After setting manual seed in PyTorch, if we apply dropouts in two scenarios on the same layers:
Scenario 1: 10% dropout on linear layer 6 with seed 2024
Scenario 2: 20% dropout on the same linear layer 6 with the same seed 2024
Will this always mean (deterministically) that in Scenario 2, the exact same neurons get dropped out as in Scenario 1 (for the 10%) + some additional neurons (for the remaining 10%)?
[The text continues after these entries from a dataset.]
(* Let c' be a representation of y supported on Lam and d_i = B[i] (c[i] - c'[i]).
   The d_i lie in the S_i and sum to zero, so pairing d_i with that zero sum and
   bounding the cross terms by coherence gives (1 + mu) |d_i|_2 <= mu sum_j |d_j|_2;
   summed over Lam, the on-support l2 mass is at most k mu times the total mass.
   Optimality of c gives sum_{i \notin Lam} |d_i|_q <= sum_{i \in Lam} |d_i|_q, and
   eps'_q converts between the block lq and l2 norms.  When
   (2k - 1) mu < (1 - eps) / (1 + eps) these inequalities leave no room for a nonzero
   off-support block, and d_i = B[i] c[i] for i \notin Lam. *)

Section RealFacts.
Variable R : realType.
Implicit Types (a b e q t x y : R).

Lemma powRK a q : 0 <= a -> 0 < q -> (a `^ q) `^ q^-1 = a.
Proof. by move=> a0 q0; rewrite -powRrM mulfV ?gt_eqF // powRr1. Qed.

Lemma powRVK a q : 0 <= a -> 0 < q -> (a `^ q^-1) `^ q = a.
Proof. by move=> a0 q0; rewrite -powRrM mulVf ?gt_eqF // powRr1. Qed.

Lemma powR_convex_comb q t a b : 1 <= q -> 0 <= t <= 1 -> 0 <= a -> 0 <= b ->
  (t * a + (1 - t) * b) `^ q <= t * a `^ q + (1 - t) * b `^ q.
Proof.
move=> q1 /andP[t0 t1] a0 b0.
have := @convex_powR R q q1 (Itv01 t0 t1) a b.
by rewrite !convRE /=; apply; rewrite inE /= in_itv /= andbT.
Qed.

Lemma sqrtr_mul_le t x y : 0 <= x -> 0 <= y -> t * x ^+ 2 <= y ^+ 2 ->
  Num.sqrt t * x <= y.
Proof.
move=> x0 y0 le_txy; have [t_lt0|t_ge0] := ltrP t 0.
  by rewrite ltr0_sqrtr // mul0r.
rewrite -[x]ger0_norm // -sqrtr_sqr -sqrtrM // -[y]ger0_norm // -sqrtr_sqr.
exact: ler_wsqrtr.
Qed.

Lemma le_sqrtr_mul t x y : 0 <= t -> 0 <= x -> y ^+ 2 <= t * x ^+ 2 ->
  y <= Num.sqrt t * x.
Proof.
move=> t0 x0 le_ytx; apply: le_trans (ler_norm y) _.
by rewrite -sqrtr_sqr -[x]ger0_norm // -sqrtr_sqr -sqrtrM // ler_wsqrtr.
Qed.
Lemma nbr_check_passes tape cd : cd \in nbr_pairs P ->
  passes (setup P sol) (nbr_check P tape cd).
Proof.
rewrite mem_filter => /andP [/and3P [Wx Wy Hxy] /allpairsPdep [x [y [_ Hy Ecd]]]] k.
subst cd; move: Wx Wy Hxy => /= Wx Wy Hxy.
have Hneq : sol x <> sol y.
  case: Hsol => _ [_ [Hnbr _]]; apply: Hnbr => //.
  exact: nbrs_down_right Hy (white_in_grid Wy).
set m := maxn (rsize P x) (rsize P y).
have [ea [Ea Hea]] := convert_setup tape La m k Wx.
have [eb [Eb [_ Heb]]] := convert_setup tape Lb m k.+3 Wy.
have /andP [Hx0 Hxm] := sol_white_bounds Wx.
have /andP [Hy0 _] := sol_white_bounds Wy.
have Hxm' : (sol x).-1 < m by rewrite prednK // (leq_trans Hxm) ?leq_maxl.
eexists; rewrite /nbr_check -/m Ea Eb permcolsE [nth [::] _ 0]/= [nth [::] _ 1]/=.
rewrite (permrow_mark_column _ _ Hxm' Hea).
have -> : nth dcard eb (sol x).-1 != EC Lb 1 by apply/eqP => /Heb; lia.
by [].
Qed.

Lemma arrow_check_passes tape shifts :
  (forall b dr, in_grid P b -> kindf P b = Black dr ->
     exists w, step b dr = Some w /\ is_white P w) ->
  {in black_cells P, forall c, passes (setup P sol) (arrow_check P tape shifts c)}.
Proof.
move=> Harrow c; rewrite mem_filter => /andP [/andP [Hg Hb] _] k.
rewrite /arrow_check; case E: (kindf P c) Hb => [//|dr] _.
have [w [Hst Ww]] := Harrow c dr Hg E.
rewrite Hst [odflt _ _]/=.
set ds := [seq d <- nbrs P c | is_white P d & d != w].
set m := foldr maxn 0 _.
set L := (2 * m).-1.
have Hds d : d \in unzip1 (zip ds [:: Lb; Lc; Ld]) ->
    [/\ is_white P d, d != w & d \in nbrs P c].
  by move/mem_unzip1_zip; rewrite mem_filter => /andP [/andP [-> ->] ->].
have [ea [Ea Hea]] := convert_setup tape La L k Ww.
have Wds : {in unzip1 (zip ds [:: Lb; Lc; Ld]), forall d, is_white P d} by move=> d /Hds [].
have [es [k' [Ees Hes]]] := converts_setup tape L k.+3 Wds.
exists k'.+1; rewrite Ea Ees -[shiftcols _ _ _]/(map (shiftrow L (shifts k')) (ea :: es)).
rewrite [behead _]/= [nth [::] _ 0]/=.
have /andP [Hw0 Hwm] := sol_white_bounds Ww.
have {}Hwm : sol w <= m by apply: leq_trans Hwm (leq_maxl _ _).
have HwL : (sol w).-1 < L by rewrite /L; lia.
congr (_, _); apply/hasPn => _ /mapP [e He ->].
apply/hasPn => t; rewrite mem_iota add0n => /andP [_ Ht].
rewrite (shiftrow_mark_column _ _ _ HwL Hea) modn_small; last by rewrite /L; lia.
have [d /Hds [Wd Hdw Hdn] [X [_ Hde]]] := Hes e He.
have Hdw' : sol d < sol w by case: Hsol => _ [_ [_ Harr]]; apply: (Harr c dr w).
have /andP [Hd0 _] := sol_white_bounds Wd.
by rewrite !inE; apply/negP => /or3P [] /eqP /Hde; lia.
Qed.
Or, does Scenario 2 randomly drop out neurons that may or may not be a part of the original 10% from Scenario 1?
You should assume the second behavior, i.e. no random numbers will be shared between these calls sampling different masks. You could see the same values but there would be no guarantee as e.g. the vectorization might differ between these calls.
It is plausible that your 20% dropout drops all of the same elements as your 10%
dropout and then some.
I’m not aware of any documentation that addresses this detail.
Yes. It is straightforward to test, and it appears to work as you suggest:
>>> import torch
>>> print (torch.__version__)
2.3.0
>>>
>>> t = torch.ones (1000000, 1)
>>>
>>> _ = torch.manual_seed (2024)
>>> d10 = torch.nn.Dropout1d (p = 0.10) (t)
>>>
>>> _ = torch.manual_seed (2024)
>>> d20 = torch.nn.Dropout1d (p = 0.20) (t)
>>>
>>> (d20[d10 == 0.0] != 0.0).sum() # number of elements that were dropped out in d10, but not in d20
tensor(0)
However, you shouldn’t rely on this behavior. It could change based on the size
of your tensor, on gpu vs. cpu, etc., and could well change in future versions.